Poitin patrol

Poitin patrol

Michael Jackson joins the poitin patrol, in prepartation for St Patrick's Day on Friday 17 March.
There is a perfectly legal Irish whiskey called Paddy, and that is what the label before me announced. However, the contents of the bottle were the colour of water, smelled slightly of silage, and had a suspiciously hot finish. "This is a good one. You could drink this all
night and have no hangover in the morning," my host pronounced. The gospel according to Jackson is that all alcoholic beverages contain a hangover if you drink enough of them, but the good host was not to be deterred. He pulled another bottle from his desk drawer. "This one is better with a dash of Seven-Up," he suggested, with the air of a sommelier proposing that I let my first-growth claret breathe a little.I was beginning to worry. "Didn't you say there was a minimum fine for handling this stuff?" He adopted his sommelier gravitas again. "To be sure, it's £1,000," he said, using the British currency for my benefit, "but usually they fine you less than a hundred". If the thousand was a minimum, how could it be reduced tenfold? "Oh, you know judges – they are a law unto themselves."I was not entirely sure that the joke was intentional. My host was the senior officer, the sergeant, in a two-man police station, in what otherwise looked like a private house, in a village in Ireland. We were conducting our poitin-tasting in his office. "The man who made this poitin – how much was he fined?" I asked. "Nothing. He gave it to me as a Christmas present." The Sarge dismissed any thought that such a gift might constitute a bribe. Poitin, he indicated, was not automatically a cause for prosecution.So in what circumstances was the decision made to pursue a case? "Some fellers become martyrs to it. One started going around in the nude after he had too much. His wife complained, so we had to prosecute him. One gave poitin to children – and it was good
stuff. Some fellers get so bad that they can't work."The Sarge observed that most illegal distillers were philosophical when they were prosecuted. Then to help me better understand, he took me to see a distiller. We drove to a nearby farm, where the preferred packaging was a former Teacher's bottle and the product was more estery. The farmer denied having made this fine vintage, saying that he had bought it.

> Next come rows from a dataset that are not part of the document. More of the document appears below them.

(* In a field with at least 23 elements both signs occur: for e = 1 or -1
   there is an a with chi(a^2 - 1) = chi(a^2 + 1) = -e.  Otherwise
   q + 2 e - 1 + phi 1 <= 8, so phi 1 <= 11 - q, contradicting
   (q - 1) phi(1)^2 <= 4 q^2. *)
Lemma exists_sign_pattern (e : int) : e = 1 \/ e = -1 -> (23 <= #|F|)%N ->
  exists a, chi (a ^+ 2 - 1) = - e /\ chi (a ^+ 2 + 1) = - e.
Proof.
move=> he hq.
case: (boolP [exists a, (chi (a ^+ 2 - 1) == - e) && (chi (a ^+ 2 + 1) == - e)]).
  by move=> /existsP [a /andP [/eqP h1 /eqP h2]]; exists a.
rewrite negb_exists => /forallP hno; exfalso.
have hS : (#|F|%:R : int) + 2 * e - 1 + phi 1 <= 8.
  rewrite -sum_sign_pattern //; apply: sum_sign_pattern_small => // a [h1 h2].
  by move: (hno a); rewrite h1 h2 !eqxx.
have hb := phi1_sq_bound.
have hQ : 23 <= (#|F|%:R : int) by rewrite natz; lia.
move: (phi 1) (#|F|%:R : int) hS hb hQ => p Q hS hb hQ.
have hp : p <= 11 - Q by case: he => he; lia.
have : (Q - 11) ^+ 2 <= p ^+ 2 by nia.
nia.
Qed.

(* If (2a)^2 - 5 y^2 = 4 s then a^2 - s = (y/2)^2 * 5, so chi(a^2 - s) is 0 or chi 5. *)
Lemma chi_norm_form a y s : (2 * a) ^+ 2 - 5 * y ^+ 2 = 4 * s ->
  chi (a ^+ 2 - s) = 0 \/ chi (a ^+ 2 - s) = chi 5.
Proof.
move=> hnorm.
have -> : a ^+ 2 - s = (y / 2) ^+ 2 * 5.
  have h4 : (4 : F) != 0 by rewrite (_ : 4 = 2 * 2) ?mulf_neq0 // -natrM.
  apply: (mulIf h4); rewrite (_ : (a ^+ 2 - s) * 4 = (2 * a) ^+ 2 - 4 * s); last by ring.
  by rewrite -hnorm; field.
have [->|yn0] := eqVneq (y / 2) 0; first by left; rewrite expr0n mul0r chi0.
by right; rewrite chi_sq_mul.
Qed.

End QuadraticCharacter.

Section LargePrimes.
Local Open Scope ring_scope.

Lemma complete_Fp p (t : 'F_p) : prime p -> complete_mod lucas p ->
  exists n, (lucas n)%:R = t.
Proof.
move=> pp hc; have ht : (val t < p)%N := leq_trans (ltn_ord t) (eq_leq (Fp_cast pp)).
have [n [_ hn]] := hc (val t) ht.
by exists n; apply: val_inj; rewrite /= (val_Fp_nat pp) hn modn_small.
Qed.

(* The Lucas numbers are defective modulo every prime p >= 23: choose a with
   chi(a^2 - 1) = chi(a^2 + 1) = -chi(5); if L_n = 2a modulo p then
   (2a)^2 - 5 F_n^2 = 4 (-1)^n, so chi(a^2 - (-1)^n) is 0 or chi(5). *)
Lemma defective_large_prime p : prime p -> (23 <= p)%N -> ~ complete_mod lucas p.
Proof.
move=> pp hp hc.
have Fp_neq0 k : (0 < k < p)%N -> (k%:R : 'F_p) != 0.
  move=> hk; apply/eqP => /(congr1 val); rewrite /= (val_Fp_nat pp) modn_small; lia.
have two : (2 : 'F_p) != 0 by apply: Fp_neq0; lia.
have five : (5 : 'F_p) != 0 by apply: Fp_neq0; lia.
have hF : (23 <= #|'F_p|)%N by rewrite card_Fp.
have [a [ha1 ha2]] := exists_sign_pattern two (chi_unit five) hF.
have [n hn] := complete_Fp (2 * a) pp hc.
have := congr1 (fun z : int => z%:~R : 'F_p) (lucas_fib_norm n).
rewrite /= !(rmorphB, rmorphM, rmorphXn, rmorphN1) /= /lucz -pmulrn hn.
rewrite !mulrz_nat -signr_odd => /chi_norm_form -/(_ two).
by case: (odd n); rewrite ?expr1 ?expr0 ?opprK ?ha1 ?ha2;
  case: (chi_unit five) => -> [] /eqP.
Qed.

End LargePrimes.

Lemma complete_dvd m d : 0 < m -> d %| m -> complete_mod lucas m -> complete_mod lucas d.
Proof.
move=> m0 hdm hc r hr.
have [n [n1 hn]] := hc r (leq_trans hr (dvdn_leq m0 hdm)).
by exists n; split => //; apply/eqP; rewrite -(modn_dvdm _ hdm) hn modn_dvdm.
Qed.

Lemma complete_no_defective_divisor m : 0 < m -> complete_mod lucas m ->
  ~~ has (dvdn^~ m) [seq c.1 | c <- defect_certificates].
Proof.
move=> m0 hc; apply/hasP => -[d hd hdm].
exact: defective_small hd (complete_dvd m0 hdm hc).
Qed.

Lemma defective_prime p : prime p -> p \notin [:: 2; 3; 7] -> ~ complete_mod lucas p.
Proof.
move=> pp hn; case: (leqP 23 p) => [hp|hlt]; first exact: defective_large_prime.
apply: defective_small.
have /allP small_primes : all (fun p => prime p ==> (p \in [:: 2; 3; 7]) ||
    (p \in [seq c.1 | c <- defect_certificates])) (iota 0 23) by vm_compute.
by have := small_primes p; rewrite mem_iota hlt pp (negPf hn) => /(_ isT).
Qed.

(* One more prime factor: if p is 2, 3 or 7 and k is in the list or a power of
   3 (possibly 3^0), then p k is in the list, a power 3^j with j >= 1, or has
   one of the defective divisors 8, 12, 18, 21, 28, 49. *)
Lemma complete_moduli_step p k : p \in [:: 2; 3; 7] ->
  (k \in [:: 2; 4; 6; 7; 14]) \/ (exists j, k = 3 ^ j) ->
  ~~ has (dvdn^~ (p * k)) [seq c.1 | c <- defect_certificates] ->
  (p * k \in [:: 2; 4; 6; 7; 14]) \/ (exists j : nat, 1 <= j /\ p * k = 3 ^ j).
Proof.
move=> hp [hk|[j ->]] hno.
  have /allP finite_cases : all (fun k => all (fun p => (p * k \in [:: 2; 4; 6; 7; 14]) ||
      has (dvdn^~ (p * k)) [seq c.1 | c <- defect_certificates]) [:: 2; 3; 7])
      [:: 2; 4; 6; 7; 14] by [].
  have /allP /(_ p hp) /orP [hin|hdef] := finite_cases k hk; first by left.
  by rewrite hdef in hno.
have defect d : d \in [seq c.1 | c <- defect_certificates] -> ~~ (d %| p * 3 ^ j).
  by move=> hd; apply: contra hno => hdvd; apply/hasP; exists d.
rewrite !inE in hp; case/or3P: hp => /eqP ep; rewrite {hno p}ep in defect *.
- case: j defect => [|[|j]] defect; try by left.
  have /negP [] := defect 18 isT.
  by rewrite !expnS !mulnA dvdn_mulr.
- by right; exists j.+1; rewrite expnS.
- case: j defect => [|j] defect; first by left.
  have /negP [] := defect 21 isT.
  by rewrite expnS mulnA dvdn_mulr.
Qed.

(* The complete moduli, by strong induction: write m = p k with p a prime
   divisor of m; then p is 2, 3 or 7, and k is 1 or, by induction, one of the
   complete moduli. *)
Lemma complete_moduli m : 2 <= m -> complete_mod lucas m ->
  (m \in [:: 2; 4; 6; 7; 14]) \/ (exists j : nat, 1 <= j /\ m = 3 ^ j).
Proof.
elim/ltn_ind: m => m IH hm hc.
have m0 : 0 < m by lia.
have [p pp hpm] := pdivP hm.
have hp : p \in [:: 2; 3; 7].
  by apply: contraT => hn; case: (defective_prime pp hn (complete_dvd m0 hpm hc)).
have [k em] : exists k, m = p * k by exists (m %/ p); rewrite mulnC divnK.
have k0 : 0 < k by move: m0; rewrite em muln_gt0 => /andP [].
rewrite em; apply: complete_moduli_step => //; last first.
  by rewrite -em; apply: complete_no_defective_divisor.
have [k1|k2] := leqP k 1; first by right; exists 0; lia.
have hkc : complete_mod lucas k by apply: complete_dvd m0 _ hc; rewrite em dvdn_mull.
have hkm : k < m by rewrite em ltn_Pmull ?prime_gt1.
by case: (IH k hkm k2 hkc) => [|[j [_ ->]]]; [left | right; exists j].
Qed.

Theorem mainTheorem6 (m : nat) (hm : 2 <= m) :
  complete_mod lucas m <->
  (m \in [:: 2; 4; 6; 7; 14]) \/ (exists j : nat, 1 <= j /\ m = 3 ^ j).
Proof.
split; first exact: complete_moduli.
by case=> [|[j [j1 ->]]]; [exact: complete_small | exact: complete_pow3].
Qed.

I asked where. "In the village market," he replied. "What if the police come?" I queried. He looked at me as though I were thick. "They sell it when the police aren't going to come."The problem with buying at the market was that, while you could have a taste, the sample might be a better batch than the stuff in the bottle you took home. One man, a teetotaller, was sold 12 bottles that actually contained water. "He couldn't take them back and complain,” chuckled the farmer. “Poitin is illegal, you know." “Why,” I asked, “would a teetotaller try to buy poitin?” "For friends, as Christmas presents." The farmer clearly felt this customer was a little naive. After a moment's thought, he explained, "Yer man's a Protestant." And, after a further few seconds head-scratching, "Are you a Proddy yourself...?"For a man who had apparently never made any poitin, the farmer spoke with great knowledge about the necessary proportions of barley, malt, sugar and yeast required to make a given quantity, the importance of double distillation, and the need for a good worm (cooling coil), fashioned by being wrapped round a tree. Where could the ingredients be found? "In the village shop,” he said. "But there was a bit of problem when the bishop here said it was a sin to make or drink poitin." Had this harmed business? "No, but it put a strain on the parish priest. So many people were going to confession he couldn't cope."